Блюстители со скучающим видом курили сигареты, стреляя глазами по сторонам.

– Медикам передали. Нехай вони її тепер заспокоюють, – с серьёзным видом ответили те, не уловив шутливой тон Кирилла.

Уже спускаясь по лестнице, блогер Виноградов услышал позывные рации, прикреплённой на клипсе к поясу. «Сонька, – подумал Кирилл, – решила устроить проверку связи» – но оказался не прав. На восьмой канал с позывными прорывался Валя.

Глава 4

Первая острая, пронзившая мозг, мысль отстукивала в висках, как на клавишах печатной машинки, только одно слово: «интуиция». Джованни вдруг почувствовал себя обманутым, загнанным в ловушку. Ярость – не страх – стала клокотать внутри, дикая злоба, что слепо доверился интуиции, к которой он всегда прислушивался, которой он всегда доверял. Оцепенение сковало по рукам и ногам крепче любых оков. Он видел бросившегося наутёк мошенника, разбирал по кадрам, словно в замедленном кино, каждый его шаг, каждое движение, но не мог пошевелить ни одним мускулом, чтобы предотвратить столь лицемерный побег. Скованные льдом голосовые связки бойкотировали с остальным телом – словесный синтез грозных проклятий, свирепых угроз равно, как призывов о помощи и жалких мольб, не получался.

Но тут кто-то тронул его за плечо и суставы вновь обрели подвижность и память. Впрочем, вовсе и не память, а скорее даже инстинкт на время позабытый – инстинкт сохранения достоинства, тот самый, что с раннего детства способен уловить иронию или насмешку и не терпит малейших проявлений унижения. Именно в такие минуты инстинкт самосохранения отодвигается на задний план и перестаёт быть главным. Именно в такие минуты кто-то несёт свой крест, взбираясь на Голгофу в безоглядной готовности отстаивать права, ибо честь и гордость порою превыше жизни.

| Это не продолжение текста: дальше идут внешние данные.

(* Let $\mathbf{x}\in\mathbb{R}^p$ be a random vector with a joint density, and let $\Pi\in\{1,\dots,K\}$ be a random missingness-pattern label, with $\Pi=1$ meaning the case is complete (all coordinates observed) and $\Pi=k$ meaning the coordinates in $\mathbf{mis}(k)$ are missing and those in $\mathbf{obs}(k)$ are observed. Let $\mathbf{obs}=\bigcap_{k=1}^K\mathbf{obs}(k)\neq\varnothing$ and $\mathbf{mis}=\bigcup_{k=1}^K\mathbf{mis}(k)$, and assume the MAR condition: $\mathbf{x}_{\mathbf{mis}}$ is conditionally independent of $\Pi$ given $\mathbf{x}_{\mathbf{obs}}$. Let $P$ denote the distribution of $\mathbf{x}$ given $\Pi=1$ (the complete-case distribution), with density $\phi(\cdot\mid \Pi=1)$. Fix $k\in\{2,\dots,K\}$ and let $G_k$ be a generator which, given an input $\mathbf{x}$, an independent noise $\mathbf{z}\sim\mathcal{N}(0,\mathbf{I}_p)$ and the mask $\mathbf{m}_k$, outputs $\widehat{\mathbf{x}}=\mathbf{x}\odot\mathbf{m}_k+\widehat{G}_k(\mathbf{x}\odot\mathbf{m}_k+\mathbf{z}\odot(1-\mathbf{m}_k))\odot(1-\mathbf{m}_k)$, so that the imputed part $\widehat{\mathbf{x}}_{\mathbf{mis}(k)}$ has a conditional density $p_{\theta_k}(\cdot\mid\mathbf{x}_{\mathbf{obs}(k)})$ depending only on $\mathbf{x}_{\mathbf{obs}(k)}$. Let $P_k$ be the distribution of $\widehat{\mathbf{x}}$ when $\mathbf{x}\sim P$. Suppose $(G_2,D_2,\dots,G_K,D_K)$ is an optimal solution of the minimax problem $$\min_{G_2,\dots,G_K}\max_{D_2,\dots,D_K}\sum_{k=2}^K\Big(\mathbb{E}_{\widehat{\mathbf{x}}\sim P_k}[D_k(\widehat{\mathbf{x}})]-\mathbb{E}_{\mathbf{x}\sim P}[D_k(\mathbf{x})]\Big)$$ over 1-Lipschitz discriminators $D_k:\mathbb{R}^p\to\mathbb{R}$, in the sense that the optimal value is $0$, i.e. the Wasserstein-1 distance between $P$ and $P_k$ is zero, so $P_k=P$. Then for (almost) every $t_1$ in the support of the complete-case distribution of $\mathbf{x}_{\mathbf{obs}(k)}$ and every $t_2$, $$p_{\theta_k}(\widehat{\mathbf{x}}_{\mathbf{mis}(k)}=t_2\mid \mathbf{x}_{\mathbf{obs}(k)}=t_1)=f(\mathbf{x}_{\mathbf{mis}(k)}=t_2\mid\mathbf{x}_{\mathbf{obs}(k)}=t_1),$$ i.e. $G_k$ learns the true conditional distribution of the missing variables of pattern $k$ given its observed variables.
   Context: Data consist of $p$ variables; cases are grouped into $K$ missingness patterns. For pattern $k$, $\mathbf{obs}(k)\subseteq\{1,\dots,p\}$ is the index set of observed variables and $\mathbf{mis}(k)$ its complement; pattern $1$ has $\mathbf{obs}(1)=\{1,\dots,p\}$. The mask vector $\mathbf{m}_k\in\{0,1\}^p$ has $\mathbf{m}_k(j)=1$ iff $j\in\mathbf{obs}(k)$; $\odot$ is elementwise multiplication; $\widehat{G}_k:\mathbb{R}^p\to\mathbb{R}^p$ is the generator network. For an index set $S$, $\mathbf{x}_S$ is the subvector of $\mathbf{x}$ on $S$. $f(\mathbf{x}_{\mathbf{mis}(k)}\mid\mathbf{x}_{\mathbf{obs}(k)})$ denotes the true conditional density of $\mathbf{x}_{\mathbf{mis}(k)}$ given $\mathbf{x}_{\mathbf{obs}(k)}$ in the full (not pattern-conditioned) data distribution. *)

(* R^p is modelled as [p.-tuple R], which mathcomp-analysis equips with the
   product (coordinate-generated) sigma-algebra.  Lebesgue integration over
   R^S (S a set of coordinates) is the iterated one-dimensional Lebesgue
   integral over the coordinates in S (Tonelli), the other coordinates being
   held fixed. *)
From HB Require Import structures.
From mathcomp Require Import all_boot all_order all_algebra.
From mathcomp Require Import all_classical all_reals.
From mathcomp Require Import topology normedtype sequences measure lebesgue_measure
  lebesgue_integral probability normal_distribution numfun.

Доменико внутренне напрягся, встрепенулся. Не властный более над чувствами, он сорвался с места, едва стремительнее беглеца, и в считанные мгновения настиг крутых ступенек лестницы, ведущие наверх. Но там уже поджидал швейцар, со всей пролетарской ненавистью сверлящий глазами иностранца.

– Що, надумали дармовщинки похлебать? – осклабился он. – Я вам ща зроблю велику халяву!

Железными тисками, сжимающими до боли, чья-то тяжёлая рука снова легла на плечо.

– Più facile, signore, è più facile! – простонал он, скривившись от боли. – Ситуация неверно истолкована. Я не отказываюсь платить.

– Конечно не отказываешься, – властно пропел голос сзади.

Доменико торопливо вытащил бумажник.

– Quanto? Сколько? – скороговоркой запричитал он. – Умоляю вас, я спешу.

– Иностранную валюту мы не принимаем! – Властный голос принадлежал соглядатаю, дежурившему на такой случай неподалёку. Он и был тем самым типом, цедившим свою скромную рюмочку у барной стойки.

– Но, как видите, у меня только евро! – Джованни продемонстрировал содержимое бумажника.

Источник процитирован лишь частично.